Find "Lemma csqrt_spec (A B : R) : 0 < A ->" and "Definition axis_psi1 (q" in the records below. Copy the lines holding them and every line between, exactly, and no others.
********************
Lemma nonpos_derivative_nonincreasing (f df : R -> R) :
  (forall t, derivable_pt_lim f t (df t)) -> (forall t, df t <= 0) ->
  forall x y, x <= y -> f y <= f x.
Proof.
  intros Df Hneg x y Hxy.
  destruct (Req_dec x y) as [<- | Hne]; [lra |].
  destruct (MVT_cor2 f df x y) as [c [Hc _]]; [lra | intros; apply Df |].
  pose proof (Hneg c). nra.
Qed.

(* Squared modulus of (psi1, psi2), damped so that it cannot grow. *)
Definition zs_energy (eta : R) (d1 d2 d3 d4 : R -> R) (t : R) : R :=
  (d1 t ^ 2 + d2 t ^ 2 + d3 t ^ 2 + d4 t ^ 2) * exp (- ((eta*eta + 1) * t)).

(* The antisymmetric q- and xi-terms drop out of the energy derivative, which is
   exp(-K t) (2 eta (|psi1|^2 - |psi2|^2) - K (|psi1|^2 + |psi2|^2)) <= 0. *)
Lemma zs_energy_nonincreasing (q xi eta : R) (d1 d2 d3 d4 : R -> R) :
  zs_flow q xi eta d1 d2 d3 d4 ->
  forall x y, x <= y -> zs_energy eta d1 d2 d3 d4 y <= zs_energy eta d1 d2 d3 d4 x.
Proof.
  intros Hd.
  apply nonpos_derivative_nonincreasing with (fun t =>
    - exp (- ((eta*eta + 1) * t)) *
      ((eta - 1)^2 * (d1 t ^ 2 + d2 t ^ 2) + (eta + 1)^2 * (d3 t ^ 2 + d4 t ^ 2))).
  - intro t. destruct (Hd t) as [D1 [D2 [D3 D4]]].
    apply is_derive_Reals in D1, D2, D3, D4.
    apply is_derive_Reals. unfold zs_energy. auto_derive.
    + repeat split; eexists; eassumption.
    + rewrite (Derive_eta _ _ _ D1), (Derive_eta _ _ _ D2),
        (Derive_eta _ _ _ D3), (Derive_eta _ _ _ D4). ring.
  - intro t. pose proof (exp_pos (- ((eta*eta + 1) * t))).
    pose proof (pow2_ge_0 (d1 t)). pose proof (pow2_ge_0 (d2 t)).
    pose proof (pow2_ge_0 (d3 t)). pose proof (pow2_ge_0 (d4 t)).
    pose proof (pow2_ge_0 (eta - 1)). pose proof (pow2_ge_0 (eta + 1)).
    assert (0 <= (eta - 1)^2 * (d1 t ^ 2 + d2 t ^ 2) + (eta + 1)^2 * (d3 t ^ 2 + d4 t ^ 2))
      by nra.
    nra.
Qed.

Lemma zs_flow_zero (q xi eta : R) (d1 d2 d3 d4 : R -> R) :
  zs_flow q xi eta d1 d2 d3 d4 ->
  d1 0 = 0 -> d2 0 = 0 -> d3 0 = 0 -> d4 0 = 0 ->
  forall x, 0 <= x -> d1 x = 0 /\ d2 x = 0 /\ d3 x = 0 /\ d4 x = 0.
Proof.
  intros Hd Z1 Z2 Z3 Z4 x Hx.
  pose proof (zs_energy_nonincreasing q xi eta d1 d2 d3 d4 Hd 0 x Hx) as Hdecay.
  unfold zs_energy in Hdecay. rewrite Z1, Z2, Z3, Z4 in Hdecay.
  pose proof (exp_pos (- ((eta*eta + 1) * x))).
  pose proof (pow2_ge_0 (d1 x)). pose proof (pow2_ge_0 (d2 x)).
  pose proof (pow2_ge_0 (d3 x)). pose proof (pow2_ge_0 (d4 x)).
  assert (Hsum : d1 x ^ 2 + d2 x ^ 2 + d3 x ^ 2 + d4 x ^ 2 <= 0) by nra.
  repeat split; nra.
Qed.

Lemma zs_unique (q xi eta : R) (p1 p2 p3 p4 r1 r2 r3 r4 : R -> R) :
  zs_solution q xi eta p1 p2 p3 p4 -> zs_solution q xi eta r1 r2 r3 r4 ->
  forall x, 0 <= x -> p1 x = r1 x /\ p2 x = r2 x.
Proof.
  intros [P1 [P2 [P3 [P4 Hp]]]] [Q1 [Q2 [Q3 [Q4 Hr]]]] x Hx.
  destruct (zs_flow_zero q xi eta _ _ _ _ (zs_flow_sub q xi eta _ _ _ _ _ _ _ _ Hp Hr))
    with x as [E1 [E2 _]]; lra.
Qed.

(* Principal square root of A + i B (A > 0) in real coordinates. *)
Definition csqrt_re (A B : R) : R := sqrt ((sqrt (A*A + B*B) + A) / 2).
Definition csqrt_im (A B : R) : R := B / (2 * csqrt_re A B).

Lemma csqrt_spec (A B : R) : 0 < A ->
  0 < csqrt_re A B /\
  csqrt_re A B * csqrt_re A B - csqrt_im A B * csqrt_im A B = A /\
  2 * csqrt_re A B * csqrt_im A B = B.
Proof.
  intros HA.
  assert (Hr : sqrt (A*A + B*B) * sqrt (A*A + B*B) = A*A + B*B)
    by (apply sqrt_sqrt; nra).
  pose proof (sqrt_pos (A*A + B*B)).
  assert (Hpos : 0 < csqrt_re A B) by (apply sqrt_lt_R0; lra).
  assert (Hsq : csqrt_re A B * csqrt_re A B = (sqrt (A*A + B*B) + A) / 2)
    by (apply sqrt_sqrt; lra).
  unfold csqrt_im. split; [exact Hpos | split; [| field; lra]].
  set (a := csqrt_re A B) in *. set (r := sqrt (A*A + B*B)) in *.
  apply (Rmult_eq_reg_r (4 * (a * a))); [| nra].
  transitivity (4 * ((a*a) * (a*a)) - B*B); [field; lra |].
  rewrite Hsq. nra.
Qed.

(* c(xi, eta): the square root of q^2 + zeta^2 = (q^2 - eta^2 + xi^2) + 2 i xi eta. *)
Definition root_re (q eta xi : R) : R := csqrt_re (q*q - eta*eta + xi*xi) (2*xi*eta).
Definition root_im (q eta xi : R) : R := csqrt_im (q*q - eta*eta + xi*xi) (2*xi*eta).

Lemma solution_closed_form (q xi eta : R) (p1 p2 p3 p4 : R -> R) :
  eta * eta < q * q -> zs_solution q xi eta p1 p2 p3 p4 ->
  forall x, 0 <= x ->
    p1 x = psi1_re xi eta (root_re q eta xi) (root_im q eta xi) x /\
    p2 x = psi1_im xi eta (root_re q eta xi) (root_im q eta xi) x.
Proof.
  intros Heta Hsol.
  destruct (csqrt_spec (q*q - eta*eta + xi*xi) (2*xi*eta)) as [Hpos [Hre Him]]; [nra |].
  fold (root_re q eta xi) (root_im q eta xi) in *.
  assert (Hc : root_re q eta xi * root_re q eta xi + root_im q eta xi * root_im q eta xi <> 0)
    by (apply Rgt_not_eq; nra).
  eapply (zs_unique q xi eta _ _ _ _ _ _ _ _ Hsol).
  apply closed_form_solution; [exact Hc | lra | lra].
Qed.

Definition axis_psi1 (q eta x : R) : R :=
  cos (sqrt (q*q - eta*eta) * x) + eta * sin (sqrt (q*q - eta*eta) * x) / sqrt (q*q - eta*eta).

Lemma root_on_axis (q eta : R) : eta * eta < q * q ->
  root_re q eta 0 = sqrt (q*q - eta*eta) /\ root_im q eta 0 = 0.
Proof.
  intros Heta. unfold root_re, root_im, csqrt_im, csqrt_re.
  rewrite !Rmult_0_r, !Rmult_0_l, !Rplus_0_r, sqrt_square by nra.
  split; [f_equal; field | unfold Rdiv; ring].
Qed.

Lemma closed_form_on_axis (q eta x : R) : eta * eta < q * q ->
  psi1_re 0 eta (root_re q eta 0) (root_im q eta 0) x = axis_psi1 q eta x /\
  psi1_im 0 eta (root_re q eta 0) (root_im q eta 0) x = 0.
Proof.
  intros Heta. destruct (root_on_axis q eta Heta) as [-> ->].
  assert (Hc : 0 < sqrt (q*q - eta*eta)) by (apply sqrt_lt_R0; lra).
  unfold psi1_re, psi1_im, cos_re, cos_im, sinc_re, sinc_im, axis_psi1.
  rewrite !Rmult_0_l, cosh_0, sinh_0.
  split; field; lra.
Qed.

Lemma solution_on_axis (q eta : R) (p1 p2 p3 p4 : R -> R) :
  eta * eta < q * q -> zs_solution q 0 eta p1 p2 p3 p4 ->
  forall x, 0 <= x -> p1 x = axis_psi1 q eta x /\ p2 x = 0.
Proof.
  intros Heta Hsol x Hx.
  destruct (solution_closed_form q 0 eta p1 p2 p3 p4 Heta Hsol x Hx) as [E1 E2].
  destruct (closed_form_on_axis q eta x Heta) as [A1 A2].
  split; congruence.
Qed.

Lemma root_re_deriv (q eta : R) : eta * eta < q * q -> is_derive (root_re q eta) 0 0.
Proof.
  intros Heta. unfold root_re, csqrt_re. auto_derive.
  - rewrite !Rmult_0_r, !Rmult_0_l, !Rplus_0_r.
    pose proof (sqrt_pos ((q*q - eta*eta) * (q*q - eta*eta))).
    repeat split; try nra.
  - ring.
Qed.

Lemma root_im_deriv (q eta : R) : eta * eta < q * q ->
  is_derive (root_im q eta) 0 (eta / sqrt (q*q - eta*eta)).
Proof.
  intros Heta. destruct (root_on_axis q eta Heta) as [Hre0 _].
  assert (Hc : 0 < sqrt (q*q - eta*eta)) by (apply sqrt_lt_R0; lra).
  pose proof (root_re_deriv q eta Heta) as Dre.
  change (is_derive (fun xi => 2 * xi * eta / (2 * root_re q eta xi)) 0
            (eta / sqrt (q*q - eta*eta))).
  auto_derive.
  - split; [eexists; exact Dre | split; [| exact I]].
    rewrite Hre0. lra.
  - rewrite (Derive_eta _ _ _ Dre), Hre0. field. lra.
Qed.

Definition eigen_slope (q eta R0 : R) : R :=
  let c := sqrt (q*q - eta*eta) in
  (q*q / (c*c*c) + R0*eta / c) * sin (c*R0) - R0*eta*eta / (c*c) * cos (c*R0).

Lemma axis_psi1_deriv (q eta R0 : R) : eta * eta < q * q ->
  is_derive (fun e => axis_psi1 q e R0) eta (eigen_slope q eta R0).
Proof.
  intros Heta.
  assert (Hp : 0 < q*q - eta*eta) by lra.
  pose proof (sqrt_lt_R0 _ Hp) as Hc.
  pose proof (sqrt_sqrt _ (Rlt_le _ _ Hp)) as Hcc.
  unfold axis_psi1, eigen_slope. auto_derive.
  - change (q*q + - (eta*eta)) with (q*q - eta*eta). repeat split; lra.
  - change (q*q + - (eta*eta)) with (q*q - eta*eta).
    set (c := sqrt (q*q - eta*eta)) in *.
    replace (q*q) with (c*c + eta*eta) by lra. field. lra.
Qed.

(* Cauchy-Riemann: d_xi Im F = - d_eta Re F on the imaginary axis. *)
Lemma psi1_im_deriv_xi (q eta R0 : R) : eta * eta < q * q ->
  is_derive (fun xi => psi1_im xi eta (root_re q eta xi) (root_im q eta xi) R0) 0
    (- eigen_slope q eta R0).
Proof.
  intros Heta.
  destruct (root_on_axis q eta Heta) as [Hre0 Him0].
  pose proof (root_re_deriv q eta Heta) as Dre.
  pose proof (root_im_deriv q eta Heta) as Dim.
  assert (Hp : 0 < q*q - eta*eta) by lra.
  pose proof (sqrt_lt_R0 _ Hp) as Hc.
  pose proof (sqrt_sqrt _ (Rlt_le _ _ Hp)) as Hcc.
  unfold psi1_im, cos_im, sinc_re, sinc_im, eigen_slope, cosh, sinh. auto_derive.
  - rewrite Hre0, Him0. repeat split; try (eexists; eassumption); nra.
  - rewrite (Derive_eta _ _ _ Dre), (Derive_eta _ _ _ Dim), Hre0, Him0.
    set (c := sqrt (q*q - eta*eta)) in *.
    rewrite !Rmult_0_l, !Rmult_0_r, Ropp_0, exp_0.
    replace (q*q) with (c*c + eta*eta) by lra. field. lra.
Qed.

(* d_xi Re F exists (its value is irrelevant, since d_eta Im F = 0). *)
Lemma psi1_re_derivable_xi (q eta R0 : R) : eta * eta < q * q ->
  ex_derive (fun xi => psi1_re xi eta (root_re q eta xi) (root_im q eta xi) R0) 0.
Proof.
  intros Heta.
  destruct (root_on_axis q eta Heta) as [Hre0 Him0].
  pose proof (root_re_deriv q eta Heta) as Dre.
  pose proof (root_im_deriv q eta Heta) as Dim.
  assert (Hc : 0 < sqrt (q*q - eta*eta)) by (apply sqrt_lt_R0; lra).
  unfold psi1_re, cos_re, sinc_re, sinc_im, cosh, sinh. auto_derive.
  rewrite Hre0, Him0. repeat split; try (eexists; eassumption); nra.
Qed.

(* At an eigenvalue cos (c R) = - eta sin (c R) / c, so sin (c R) <> 0 and the slope
   simplifies to sin (c R) q^2 (1 + R eta) / c^3 <> 0. *)
Lemma eigen_slope_nonzero (q eta R0 : R) :
  0 < eta -> 0 < R0 -> eta * eta < q * q -> axis_psi1 q eta R0 = 0 ->
  eigen_slope q eta R0 <> 0.
Proof.
  intros Heta HR Hq Heig.
  assert (Hp : 0 < q*q - eta*eta) by lra.
  pose proof (sqrt_lt_R0 _ Hp) as Hc.
  pose proof (sqrt_sqrt _ (Rlt_le _ _ Hp)) as Hcc.
  unfold axis_psi1, eigen_slope in *. set (c := sqrt (q*q - eta*eta)) in *.
  assert (Hcos : cos (c*R0) = - (eta * sin (c*R0) / c))
    by (apply (Rplus_eq_reg_r (eta * sin (c*R0) / c)); lra).
  assert (Hsin : sin (c*R0) <> 0).
  { intro Z. pose proof (sin2_cos2 (c*R0)) as P.
    rewrite Hcos, Z in P. unfold Rsqr in P. field_simplify in P; lra. }
  replace ((q*q / (c*c*c) + R0*eta/c) * sin (c*R0) - R0*eta*eta / (c*c) * cos (c*R0))
    with (sin (c*R0) * (q*q * (1 + R0*eta) / (c*c*c)))
    by (rewrite Hcos; replace (q*q) with (c*c + eta*eta) by lra; field; lra).
  apply Rmult_integral_contrapositive_currified; [exact Hsin |].
  apply Rgt_not_eq. apply Rdiv_lt_0_compat; apply Rmult_lt_0_compat; nra.
Qed.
********************
■ **SOLVED EXERCISE**:
Lemma csqrt_spec (A B : R) : 0 < A ->
  0 < csqrt_re A B /\
  csqrt_re A B * csqrt_re A B - csqrt_im A B * csqrt_im A B = A /\
  2 * csqrt_re A B * csqrt_im A B = B.
Proof.
  intros HA.
  assert (Hr : sqrt (A*A + B*B) * sqrt (A*A + B*B) = A*A + B*B)
    by (apply sqrt_sqrt; nra).
  pose proof (sqrt_pos (A*A + B*B)).
  assert (Hpos : 0 < csqrt_re A B) by (apply sqrt_lt_R0; lra).
  assert (Hsq : csqrt_re A B * csqrt_re A B = (sqrt (A*A + B*B) + A) / 2)
    by (apply sqrt_sqrt; lra).
  unfold csqrt_im. split; [exact Hpos | split; [| field; lra]].
  set (a := csqrt_re A B) in *. set (r := sqrt (A*A + B*B)) in *.
  apply (Rmult_eq_reg_r (4 * (a * a))); [| nra].
  transitivity (4 * ((a*a) * (a*a)) - B*B); [field; lra |].
  rewrite Hsq. nra.
Qed.

(* c(xi, eta): the square root of q^2 + zeta^2 = (q^2 - eta^2 + xi^2) + 2 i xi eta. *)
Definition root_re (q eta xi : R) : R := csqrt_re (q*q - eta*eta + xi*xi) (2*xi*eta).
Definition root_im (q eta xi : R) : R := csqrt_im (q*q - eta*eta + xi*xi) (2*xi*eta).

Lemma solution_closed_form (q xi eta : R) (p1 p2 p3 p4 : R -> R) :
  eta * eta < q * q -> zs_solution q xi eta p1 p2 p3 p4 ->
  forall x, 0 <= x ->
    p1 x = psi1_re xi eta (root_re q eta xi) (root_im q eta xi) x /\
    p2 x = psi1_im xi eta (root_re q eta xi) (root_im q eta xi) x.
Proof.
  intros Heta Hsol.
  destruct (csqrt_spec (q*q - eta*eta + xi*xi) (2*xi*eta)) as [Hpos [Hre Him]]; [nra |].
  fold (root_re q eta xi) (root_im q eta xi) in *.
  assert (Hc : root_re q eta xi * root_re q eta xi + root_im q eta xi * root_im q eta xi <> 0)
    by (apply Rgt_not_eq; nra).
  eapply (zs_unique q xi eta _ _ _ _ _ _ _ _ Hsol).
  apply closed_form_solution; [exact Hc | lra | lra].
Qed.

Definition axis_psi1 (q eta x : R) : R :=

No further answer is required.